Of course, moving that massive amount of interconnected, probably sensitive data around isn’t a feat for the feeble. “Enterprise databases… can be challenging to migrate to cloud environments while running in production,” admitted Delphix CEO Jedidiah Yueh in a statement. “With our data synchronization and virtualization technologies, we deliver the right data to the right teams at a fraction of the cost and time, which can accelerate application projects by up to 500 percent while cutting hardware costs by 90 percent.”
Hence the ka-ching of the company’s 300 percent annual sales growth since its public launch in 2010.

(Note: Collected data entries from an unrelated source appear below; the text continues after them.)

(* There exists a constant $C>0$ such that for all integers $n\ge2$, $g\ge1$ with $\theta:=g/n\ge x^{-2/3}$, where $x:=n+g$, \[\Big|\alpha(n,g)-4\lambda(\theta)-\frac{4\lambda(\theta)}{n}\Big(\frac12-\theta+\frac{\theta^2}{2}f''(\theta)+\theta j'(\theta)\Big)\Big|\le \frac{C}{x^2}.\]
   Context: Define $\lambda:[0,\infty)\to(0,1/4]$ by $\lambda(0)=1/4$ and, for $\theta>0$, $\lambda(\theta)$ is the unique $\lambda\in(0,1/4)$ with $-1+\frac{\operatorname{artanh}(\sqrt{1-4\lambda})}{\sqrt{1-4\lambda}}=\theta$. For $\theta>0$ set $f(\theta)=-\ln\lambda(\theta)-2\theta-\theta\ln(1-4\lambda(\theta))$ and $j(\theta)=-\tfrac12\ln(1-4(\theta+1)\lambda(\theta))+\tfrac12\ln 2$. For integers $n\ge1$, $g\ge1$ let \[\Omega(n,g)=\frac{\sqrt g\,g^g}{\sqrt{2\pi}\,e^g\,g!}\,n^{2g-2}\exp\!\Big(nf\big(\tfrac gn\big)+j\big(\tfrac gn\big)\Big),\] and for $n\ge2$, $g\ge1$ let $\alpha(n,g)=\frac{2(2n-1)}{n+1}\frac{\Omega(n-1,g)}{\Omega(n,g)}$. *)

From Stdlib Require Import Reals ClassicalEpsilon.
From Coquelicot Require Import Coquelicot.
Open Scope R_scope.

Definition artanh (y : R) : R := / 2 * ln ((1 + y) / (1 - y)).

Definition lam_spec (th l : R) : Prop :=
  (th = 0 /\ l = / 4) \/
  (0 < th /\ 0 < l < / 4 /\
   -1 + artanh (sqrt (1 - 4 * l)) / sqrt (1 - 4 * l) = th).

Definition lam (th : R) : R := epsilon (inhabits 0) (lam_spec th).

Definition fF (th : R) : R :=
  - ln (lam th) - 2 * th - th * ln (1 - 4 * lam th).

Definition jF (th : R) : R :=
  - / 2 * ln (1 - 4 * (th + 1) * lam th) + / 2 * ln 2.

Definition Omega (n g : nat) : R :=
  sqrt (INR g) * INR g ^ g / (sqrt (2 * PI) * exp (INR g) * INR (Stdlib.Arith.Factorial.fact g))
  * INR n ^ (2 * g - 2)
  * exp (INR n * fF (INR g / INR n) + jF (INR g / INR n)).

Definition alpha (n g : nat) : R :=
  2 * (2 * INR n - 1) / (INR n + 1) * (Omega (n - 1) g / Omega n g).

(* Put θ = u coth u − 1 with u > 0. Then λ(θ) = 1/(4 cosh² u), and since
   dθ/du = (sinh u cosh u − u)/sinh² u, the chain rule turns f′, f″, f‴, j′, j″
   into explicit hyperbolic functions of u. Elementary hyperbolic inequalities
   give θ²|f″| ≤ 2, θ²|f‴| ≤ 10, θ|j′| ≤ 2θ + 4, θ²|j″| ≤ 22(θ + 2), f″ ≤ 0,
   j′ ≤ 0 and λ(1 + θ)⁴ ≤ 16.

   The ratio Ω(n−1,g)/Ω(n,g) is exp Δ with
   Δ = (2g − 2) ln(1 − 1/n) + (n − 1) f(g/(n−1)) + j(g/(n−1)) − n f(θ) − j(θ).
   Expanding f and j by Taylor at θ with step θ/(n − 1) and using
   θ f′(θ) − f(θ) − 2θ = ln λ gives Δ = ln λ + B/n + O((1 + θ)/n²), where B is
   the bracket of the statement plus 3/2. Exponentiating, the error is
   λ·O((1 + θ)²/n²), and λ(1 + θ)⁴ ≤ 16 turns this into O(1/(n(1 + θ))²) = O(1/x²). *)

From Stdlib Require Import Reals Lra Lia ClassicalEpsilon Ranalysis5.
From Coquelicot Require Import Coquelicot.
Open Scope R_scope.

Ltac positivity :=
  repeat (first [lra | apply Rmult_lt_0_compat | apply Rinv_0_lt_compat | apply pow_lt]).
Ltac pos_neq0 := apply Rgt_not_eq; positivity.

(** * Monotonicity from the sign of the derivative *)

Lemma continuity_pt_of_is_derive f x l : is_derive f x l -> continuity_pt f x.
Proof. intro H. apply derivable_continuous_pt. exists l. now apply is_derive_Reals. Qed.

Lemma MVT_interval (h dh : R -> R) a b : a < b ->
  (forall x, a <= x <= b -> is_derive h x (dh x)) ->
  exists c, a <= c <= b /\ h b - h a = dh c * (b - a).
Proof.
  intros Hab Hd.
  destruct (MVT_gen h a b dh) as [c [Hc Heq]];
    rewrite ?Rmin_left, ?Rmax_right in * by lra.
  - intros x Hx. apply Hd. lra.
  - intros x Hx. eapply continuity_pt_of_is_derive, Hd. lra.
  - now exists c.
Qed.

Lemma lt_of_is_derive_pos (h dh : R -> R) a b : a < b ->
  (forall x, a <= x <= b -> is_derive h x (dh x)) ->
  (forall x, a <= x <= b -> 0 < dh x) -> h a < h b.
Proof.
  intros Hab Hd Hp. destruct (MVT_interval h dh a b Hab Hd) as [c [Hc E]].
  pose proof (Hp c Hc). nra.
Qed.

Lemma le_of_is_derive_nonneg (h dh : R -> R) a b : a <= b ->
  (forall x, a <= x <= b -> is_derive h x (dh x)) ->
  (forall x, a <= x <= b -> 0 <= dh x) -> h a <= h b.
Proof.
  intros Hab Hd Hp. destruct (Req_dec a b) as [->|Hne]; [lra|].
  destruct (MVT_interval h dh a b ltac:(lra) Hd) as [c [Hc E]].
  pose proof (Hp c Hc). nra.
Qed.

Lemma pos_of_is_derive_from_0 (h dh : R -> R) u : 0 < u -> h 0 = 0 ->
  (forall x, 0 <= x -> is_derive h x (dh x)) ->
  (forall x, 0 <= x -> 0 <= dh x) -> (forall x, 0 < x -> 0 < dh x) -> 0 < h u.
Proof.
  intros Hu H0 Hd Hnn Hp.
  assert (h 0 <= h (u / 2)).
  { apply (le_of_is_derive_nonneg h dh); intros; try apply Hd; try apply Hnn; lra. }
  assert (h (u / 2) < h u).
  { apply (lt_of_is_derive_pos h dh); intros; try apply Hd; try apply Hp; lra. }
  lra.
Qed.

Lemma is_derive_inverse_pos (h g dh : R -> R) t : 0 < t ->
  (forall u, 0 < u -> is_derive h u (dh u)) ->
  (forall u, 0 < u -> 0 < dh u) ->
  (forall s, 0 < s -> 0 < g s /\ h (g s) = s) ->
  is_derive g t (/ dh (g t)).
Proof.
  intros Ht Hd Hdpos Hg.
  assert (h_lt : forall a b, 0 < a -> a < b -> h a < h b).
  { intros a b Ha Hab.
    apply (lt_of_is_derive_pos h dh); intros; [lra | apply Hd | apply Hdpos]; lra. }
  assert (g_le : forall a b, 0 < a -> a <= b -> g a <= g b).
  { intros a b Ha Hab. destruct (Hg a Ha) as [Ga Ea], (Hg b ltac:(lra)) as [Gb Eb].
    destruct (Rle_dec (g a) (g b)) as [|Hlt]; auto.
    pose proof (h_lt (g b) (g a) Gb ltac:(lra)). lra. }
  destruct (Hg (t / 2) ltac:(lra)) as [Glb Elb], (Hg (2 * t) ltac:(lra)) as [Gub Eub].
  assert (Hinv : forall x, t / 2 <= x -> comp h g x = id x)
    by (intros x Hx; unfold comp, id; apply Hg; lra).
  assert (Hgt : g (t / 2) <= g t <= g (2 * t)) by (split; apply g_le; lra).
  assert (Prf : forall a, g (t / 2) <= a <= g (2 * t) -> derivable_pt h a).
  { intros a Ha. exists (dh a). apply is_derive_Reals, Hd. lra. }
  assert (Hcont : continuity_pt g t).
  { apply (continuity_pt_recip_interv h g (g (t / 2)) (g (2 * t))).
    - destruct (g_le (t / 2) (2 * t)) as [|E]; [lra | lra | auto |].
      rewrite E in Elb. lra.
    - intros a b Ha Hab Hb. apply h_lt; lra.
    - intros x Hx _. apply Hinv. lra.
    - intros x Hx Hy. split; apply g_le; lra.
    - intros a Ha. eapply continuity_pt_of_is_derive, Hd. lra.
    - lra. }
  pose proof (derivable_pt_lim_recip_interv h g (t / 2) (2 * t) t Prf Hcont
                ltac:(lra) ltac:(lra) Hgt ltac:(intros x Hx; apply Hinv; lra)) as Hlim.
  assert (Hder : derive_pt h (g t) (Prf (g t) Hgt) = dh (g t)).
  { apply derive_pt_eq_0, is_derive_Reals, Hd. lra. }
  rewrite Hder in Hlim. unfold Rdiv in Hlim. rewrite Rmult_1_l in Hlim.
  apply is_derive_Reals, Hlim. apply Rgt_not_eq, Hdpos. lra.
Qed.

The latest funding round was led by Jafco Ventures with participation from new investors Summit Partners and Battery Ventures as well as existing investors Greylock Partners and Lightspeed Venture Partners. All told, Delphix has now pocketed $45.5 million from Silicon Valley’s finest fat cats.
Yueh’s last startup was Avamar, a company in the equally questionably-sexy-yet-hella-lucrative backup and recovery space. Yueh ran that show for seven years then sold to tech behemoth EMC for $165 million. We’ll see if Delphix runs a similarly gold-paved course.